A new poverty estimate seeking to analyze the nationwide impact of government relief measures which expired just at the end of last month has found that the latter half of 2020 marked the sharpest rise in the US poverty rate since the 1960s. The study released Monday and presented in Bloomberg finds that the poverty rate increased by 2.4% during the second half of 2020, following last spring and early summer COVID-19 rolling lockdowns in various parts of the country.
This amounts to an additional 8 million Americans being considered newly poor, nearly double the highest annual increase in poverty in over a half-century.
The study authors - economists Bruce Meyer of the University of Chicago, and James Sullivan of the University of Notre Dame - further found that Black Americans were among the hardest hit, and more that twice as likely to fall below the poverty line as White Americans.

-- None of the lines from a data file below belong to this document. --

Lemma loo_filter_iota (c k : nat) :
  [seq loo c x | x <- iota 0 (c + k.+1) & x != c] = iota 1 (c + k).
Proof.
rewrite iotaD add0n filter_cat map_cat /= eqxx /= [iota 1 _]iotaD add1n.
have lt_c : {in iota 0 c, forall x, x < c} by move=> x; rewrite mem_iota.
have gt_c : {in iota c.+1 k, forall x, c < x} by move=> x; rewrite mem_iota; case/andP.
congr (_ ++ _).
  rewrite (@eq_in_filter _ _ predT) ?filter_predT => [|x /lt_c]; last first.
    by rewrite ltn_neqAle => /andP [].
  have /eq_in_map -> : {in iota 0 c, loo c =1 addn 1}.
    by move=> x /lt_c x_lt; rewrite /loo x_lt add1n.
  by rewrite (iotaDl 1 0).
rewrite (@eq_in_filter _ _ predT) ?filter_predT => [|x /gt_c]; last first.
  by rewrite ltn_neqAle eq_sym => /andP [].
have /eq_in_map -> : {in iota c.+1 k, loo c =1 id}.
  by move=> x /gt_c c_lt; rewrite /loo ltnNge ltnW.
by rewrite map_id.
Qed.

Definition relabelling (p b : nat) (g : nat -> nat) : Prop :=
  perm_eq [seq g x | x <- iota 0 p & x != b] (iota 1 p.-1).

Lemma relabelling_loo (p b : nat) : b < p -> relabelling p b (loo b).
Proof.
move=> b_lt; have [k ->] : exists k, p = b + k.+1 by exists (p - b.+1); lia.
by rewrite /relabelling loo_filter_iota addnS.
Qed.

Lemma relabelling_comp (p b : nat) (phi g : nat -> nat) :
  (forall x, x < p -> phi x < p) -> {in iota 0 p &, injective phi} ->
  relabelling p (phi b) g -> b < p -> relabelling p b (g \o phi).
Proof.
move=> phi_lt phi_inj g_rel b_lt.
have phi_perm : perm_eq [seq phi x | x <- iota 0 p] (iota 0 p).
  by apply: perm_iota_map_inj => // x /phi_lt.
have phi_neq : {in iota 0 p, forall x, (phi x != phi b) = (x != b)}.
  by move=> x x_lt; rewrite (inj_in_eq phi_inj) // mem_iota.
rewrite /relabelling (map_comp g phi).
have -> : [seq phi x | x <- iota 0 p & x != b] =
          [seq y <- [seq phi x | x <- iota 0 p] | y != phi b].
  by rewrite filter_map (eq_in_filter phi_neq).
exact: perm_trans (perm_map g (perm_filter _ phi_perm)) g_rel.
Qed.

Lemma W_lt (p x : nat) : x < p -> W p x < p.
Proof. by rewrite /W; case: (ltnP (2 * x) p); lia. Qed.

Lemma W_inj (p : nat) : {in iota 0 p &, injective (W p)}.
Proof.
move=> x y; rewrite !mem_iota /W.
by case: (ltnP (2 * x) p); case: (ltnP (2 * y) p); lia.
Qed.

Section Relabelling.
Variables (p b : nat) (g : nat -> nat).
Hypothesis g_rel : relabelling p b g.

Lemma relabelling_range x : x < p -> x != b -> 0 < g x <= p.-1.
Proof.
move=> x_lt xb; have : g x \in iota 1 p.-1.
  by rewrite -(perm_mem g_rel) map_f // mem_filter xb mem_iota.
by rewrite mem_iota add1n ltnS.
Qed.

Lemma relabelling_inj x y : x < p -> y < p -> x != b -> y != b -> g x = g y -> x = y.
Proof.
move=> x_lt y_lt xb yb; apply: (@uniq_map_inj_in _ _ g [seq x <- iota 0 p | x != b]).
- by rewrite (perm_uniq g_rel) iota_uniq.
- by rewrite mem_filter xb mem_iota.
- by rewrite mem_filter yb mem_iota.
Qed.

Lemma relabelling_surj i : 0 < i <= p.-1 -> exists2 x, (x < p) && (x != b) & g x = i.
Proof.
move=> i_range; have : i \in [seq g x | x <- iota 0 p & x != b].
  by rewrite (perm_mem g_rel) mem_iota; lia.
by case/mapP => x; rewrite mem_filter mem_iota andbC => x_dom ->; exists x.
Qed.

End Relabelling.

Section ModularLines.
Local Open Scope ring_scope.

Lemma line_step_exists (F : fieldType) (b u w : F) :
  u != b -> w != b -> u != w ->
  exists a t, [/\ a != 0, t != 0, t + 1 != 0, u = a * t + b & w = a * (t + 1) + b].
Proof.
move=> ub wb uw; have wu_nz : w - u != 0 by rewrite subr_eq0 eq_sym.
exists (w - u), ((u - b) / (w - u)); split => //.
- by rewrite mulf_eq0 negb_or invr_eq0 subr_eq0 ub.
- have -> : (u - b) / (w - u) + 1 = (w - b) / (w - u) by field.
  by rewrite mulf_eq0 negb_or invr_eq0 subr_eq0 wb.
- by field.
- by field.
Qed.

Variables (p b : nat).
Hypotheses (p_prime : prime p) (b_lt : (b < p)%N).

Lemma natFp_inj (x y : nat) :
  (x < p)%N -> (y < p)%N -> x%:R = y%:R :> 'F_p -> x = y.
Proof.
move=> x_lt y_lt xy.
by rewrite -(modn_small x_lt) -(modn_small y_lt) -!val_Fp_nat // xy.
Qed.

Lemma natFp_neq0 (x : nat) : (0 < x < p)%N -> x%:R != 0 :> 'F_p.
Proof.
case/andP=> x_gt0 x_lt; apply: contraTneq x_gt0 => x0.
by rewrite (natFp_inj x_lt (prime_gt0 p_prime) x0).
Qed.

Lemma natFp_neq (x y : nat) : (x < p)%N -> (y < p)%N -> x != y -> x%:R != y%:R :> 'F_p.
Proof. by move=> x_lt y_lt; apply: contra => /eqP /(natFp_inj x_lt y_lt) ->. Qed.

Lemma Fp_val_lt (a : 'F_p) : (val a < p)%N.
Proof. by rewrite -[X in (_ < X)%N](Fp_cast p_prime) ltn_ord. Qed.

Lemma Fp_val_gt0 (a : 'F_p) : a != 0 -> (0 < val a)%N.
Proof. by rewrite lt0n; apply: contraNneq => a0; rewrite -(natr_Zp a) a0. Qed.

Lemma Db_lt (i k : nat) : (Db p b i k < p)%N.
Proof. by rewrite ltn_pmod ?prime_gt0. Qed.

Lemma Db_Fp (i k : nat) : (Db p b i k)%:R = i%:R * k%:R + b%:R :> 'F_p.
Proof. by rewrite Fp_nat_mod // natrD natrM. Qed.

Lemma Db_eq (i k i' k' : nat) :
  (Db p b i k == Db p b i' k') = (i%:R * k%:R == i'%:R * k'%:R :> 'F_p).
Proof.
apply/eqP/eqP => [/(congr1 (fun n => n%:R : 'F_p))|E].
  by rewrite !Db_Fp => /addIr.
by apply: natFp_inj; rewrite ?Db_lt // !Db_Fp E.
Qed.

Lemma Db_neq_b (i k : nat) : (0 < i < p)%N -> (0 < k < p)%N -> Db p b i k != b.
Proof.
move=> /natFp_neq0 i_nz /natFp_neq0 k_nz.
apply/eqP => /(congr1 (fun n => n%:R : 'F_p)); rewrite Db_Fp => /eqP.
by rewrite -subr_eq0 addrK mulf_eq0 (negbTE i_nz) (negbTE k_nz).
Qed.

Lemma Db_inj_k (i k k' : nat) : (0 < i < p)%N -> (k < p)%N -> (k' < p)%N ->
  Db p b i k = Db p b i k' -> k = k'.
Proof.
move=> /natFp_neq0 i_nz k_lt k'_lt /eqP.
by rewrite Db_eq => /eqP /(mulfI i_nz) /(natFp_inj k_lt k'_lt).
Qed.

Lemma Db_inj_i (i i' k : nat) : (0 < k < p)%N -> (i < p)%N -> (i' < p)%N ->
  Db p b i k = Db p b i' k -> i = i'.
Proof.
move=> /natFp_neq0 k_nz i_lt i'_lt /eqP.
by rewrite Db_eq => /eqP /(mulIf k_nz) /(natFp_inj i_lt i'_lt).
Qed.

Lemma Db_step_inj (i i' k k' : nat) :
  (0 < i < p)%N -> (i' < p)%N -> (k < p)%N -> (k' < p)%N ->
  Db p b i k = Db p b i' k' -> Db p b i k.+1 = Db p b i' k'.+1 -> i = i' /\ k = k'.
Proof.
move=> i_unit i'_lt k_lt k'_lt E /eqP; rewrite Db_eq !mulrSr !mulrDr !mulr1.
have /eqP := E; rewrite Db_eq => /eqP ->.
have i_lt : (i < p)%N by case/andP: i_unit.
move=> /eqP /addrI /(natFp_inj i_lt i'_lt) ii'; subst i'.
by split => //; apply: (Db_inj_k i_unit k_lt k'_lt E).
Qed.

Lemma Db_step_exists (u w : nat) :
  (u < p)%N -> (w < p)%N -> u != b -> w != b -> u != w ->
  exists i k, [/\ (0 < i < p)%N, (0 < k)%N, (k.+1 < p)%N,
                   Db p b i k = u & Db p b i k.+1 = w].
Proof.
move=> u_lt w_lt ub wb uw.
have [a [t [a_nz t_nz t1_nz uE wE]]] := line_step_exists
  (natFp_neq u_lt b_lt ub) (natFp_neq w_lt b_lt wb) (natFp_neq u_lt w_lt uw).
have tS : ((val t).+1)%:R = t + 1 :> 'F_p by rewrite mulrSr natr_Zp.
exists (val a), (val t); split.
- by rewrite Fp_val_gt0 ?Fp_val_lt.
- exact: Fp_val_gt0.
- rewrite ltn_neqAle Fp_val_lt andbT; apply: contra t1_nz => /eqP tp.
  by rewrite -tS tp pchar_Fp_0.
- by apply: natFp_inj; rewrite ?Db_lt // Db_Fp !natr_Zp uE.
- by apply: natFp_inj; rewrite ?Db_lt // Db_Fp tS natr_Zp wE.
Qed.

End ModularLines.

Section RelabelledLatticeDesign.
Variables (p b : nat) (g : nat -> nat).
Hypotheses (p_prime : prime p) (b_lt : b < p) (g_rel : relabelling p b g).

Let O r s := g (Db p b r.+1 s.+1).

Let index_unit r : r < p.-1 -> 0 < r.+1 < p.
Proof. lia. Qed.

Let index_lt r : r < p.-1 -> r.+1 < p.
Proof. lia. Qed.

Let entry_dom r s : r < p.-1 -> s < p.-1 -> Db p b r.+1 s.+1 != b.
Proof. by move=> /index_unit r_unit /index_unit s_unit; apply: Db_neq_b. Qed.

Lemma relabelled_range r s : r < p.-1 -> s < p.-1 -> 0 < O r s <= p.-1.
Proof. by move=> r_lt s_lt; apply: (relabelling_range g_rel); rewrite ?Db_lt ?entry_dom. Qed.

Lemma relabelled_entry_inj r s r' s' : r < p.-1 -> s < p.-1 -> r' < p.-1 -> s' < p.-1 ->
  O r s = O r' s' -> Db p b r.+1 s.+1 = Db p b r'.+1 s'.+1.
Proof. by move=> *; apply: (relabelling_inj g_rel); rewrite ?Db_lt ?entry_dom. Qed.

According to Bloomberg's summary of the results, "The researchers found that the stimulus checks the federal government issued in the spring helped forestall the poverty rate from rising even faster."
Bloomberg recalls further that "In late December, $900 billion in addition federal relief aid was passed, and President Joe Biden is asking Congress for an additional $1.9 trillion in stimulus."

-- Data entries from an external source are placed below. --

(* Let $G=(V,E)$ be a finite graph, $f$ a weight function of one of the two types described in the context (with associated integer $k$), $g(S)=f(S)/|S|$, $\epsilon\ge 0$, and let $S^*$ be a nonempty vertex set maximizing $g$ over nonempty subsets of $V$. Run the local-peeling-optimization algorithm described in the context, and let $u_i$ be the first vertex of $S^*$ that the algorithm removes. Then $u_i$ is not removed during a local trimming step (i.e., it is not in any set $U_2$); it is removed in a main peeling step (in some set $U_1$).
   Context: Let $G=(V,E)$ be a graph; $E[S]$ denotes the edges with both endpoints in $S$. The weight function $f$ is either (Type A, $k=2$) $f(S)=\sum_{u_i\in S}a_i+\sum_{(u_i,u_j)\in E[S]}c_{ij}$ with fixed $a_i\ge 0$, $c_{ij}\ge 0$, or (Type B, $k\ge3$) $f(S)=$ number of $k$-cliques in the induced subgraph $G[S]$. The density is $g(S)=f(S)/|S|$ for nonempty $S$, and the peeling weight of $u\in S$ is $w_u(S)=f(S)-f(S\setminus\{u\})$. Local-peeling-optimization algorithm with parameter $\epsilon\ge0$: set $S_0=V$, $\tau_{\max}=0$, $i=1$. While $S_{i-1}\neq\emptyset$: (1) set $\tau_{\max}\leftarrow\max\{\tau_{\max}, g(S_{i-1})/(k(1+\epsilon))\}$ and $\tau_1=\max\{\tau_{\max},k(1+\epsilon)g(S_{i-1})\}$; (2) main peeling step: $U_1=\{u\in S_{i-1}: w_u(S_{i-1})\le\tau_1\}$, $S_i\leftarrow S_{i-1}\setminus U_1$; (3) local trimming: while there exists $u\in S_i$ with $w_u(S_i)<g(S_i)$, set $\tau_2=\max\{\tau_{\max},g(S_i)\}$, $U_2=\{u\in S_i: w_u(S_i)<\tau_2\}$, and $S_i\leftarrow S_i\setminus U_2$; (4) increase $i$ by one. The output is $\arg\max_{S_i}g(S_i)$ over the nonempty sets produced. *)

From HB Require Import structures.
From mathcomp Require Import all_boot all_order all_algebra.
Set Implicit Arguments. Unset Strict Implicit. Unset Printing Implicit Defensive.
Import Order.TTheory GRing.Theory Num.Theory.
Local Open Scope ring_scope.

Section Peeling.
Variables (R : realFieldType) (T : finType).

Definition is_clique (e : rel T) (C : {set T}) : bool :=
  [forall x in C, forall y in C, (x != y) ==> e x y].

Definition is_edge (e : rel T) (E : {set T}) : bool :=
  (#|E| == 2)%N && is_clique e E.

The US trend of the past six months is also echoed more broadly in global data showing COVID-fueled poverty across much of the world.
As featured in a recent Oxfam study which also sought to assess the financial impact of the pandemic - up to 500 million people globally have been newly pushed into poverty, while at the same time the world's 10 richest men made a combined $540 billion over the same time frame.
Oxfam is calling it evidence of the "greatest rise in inequality since records began."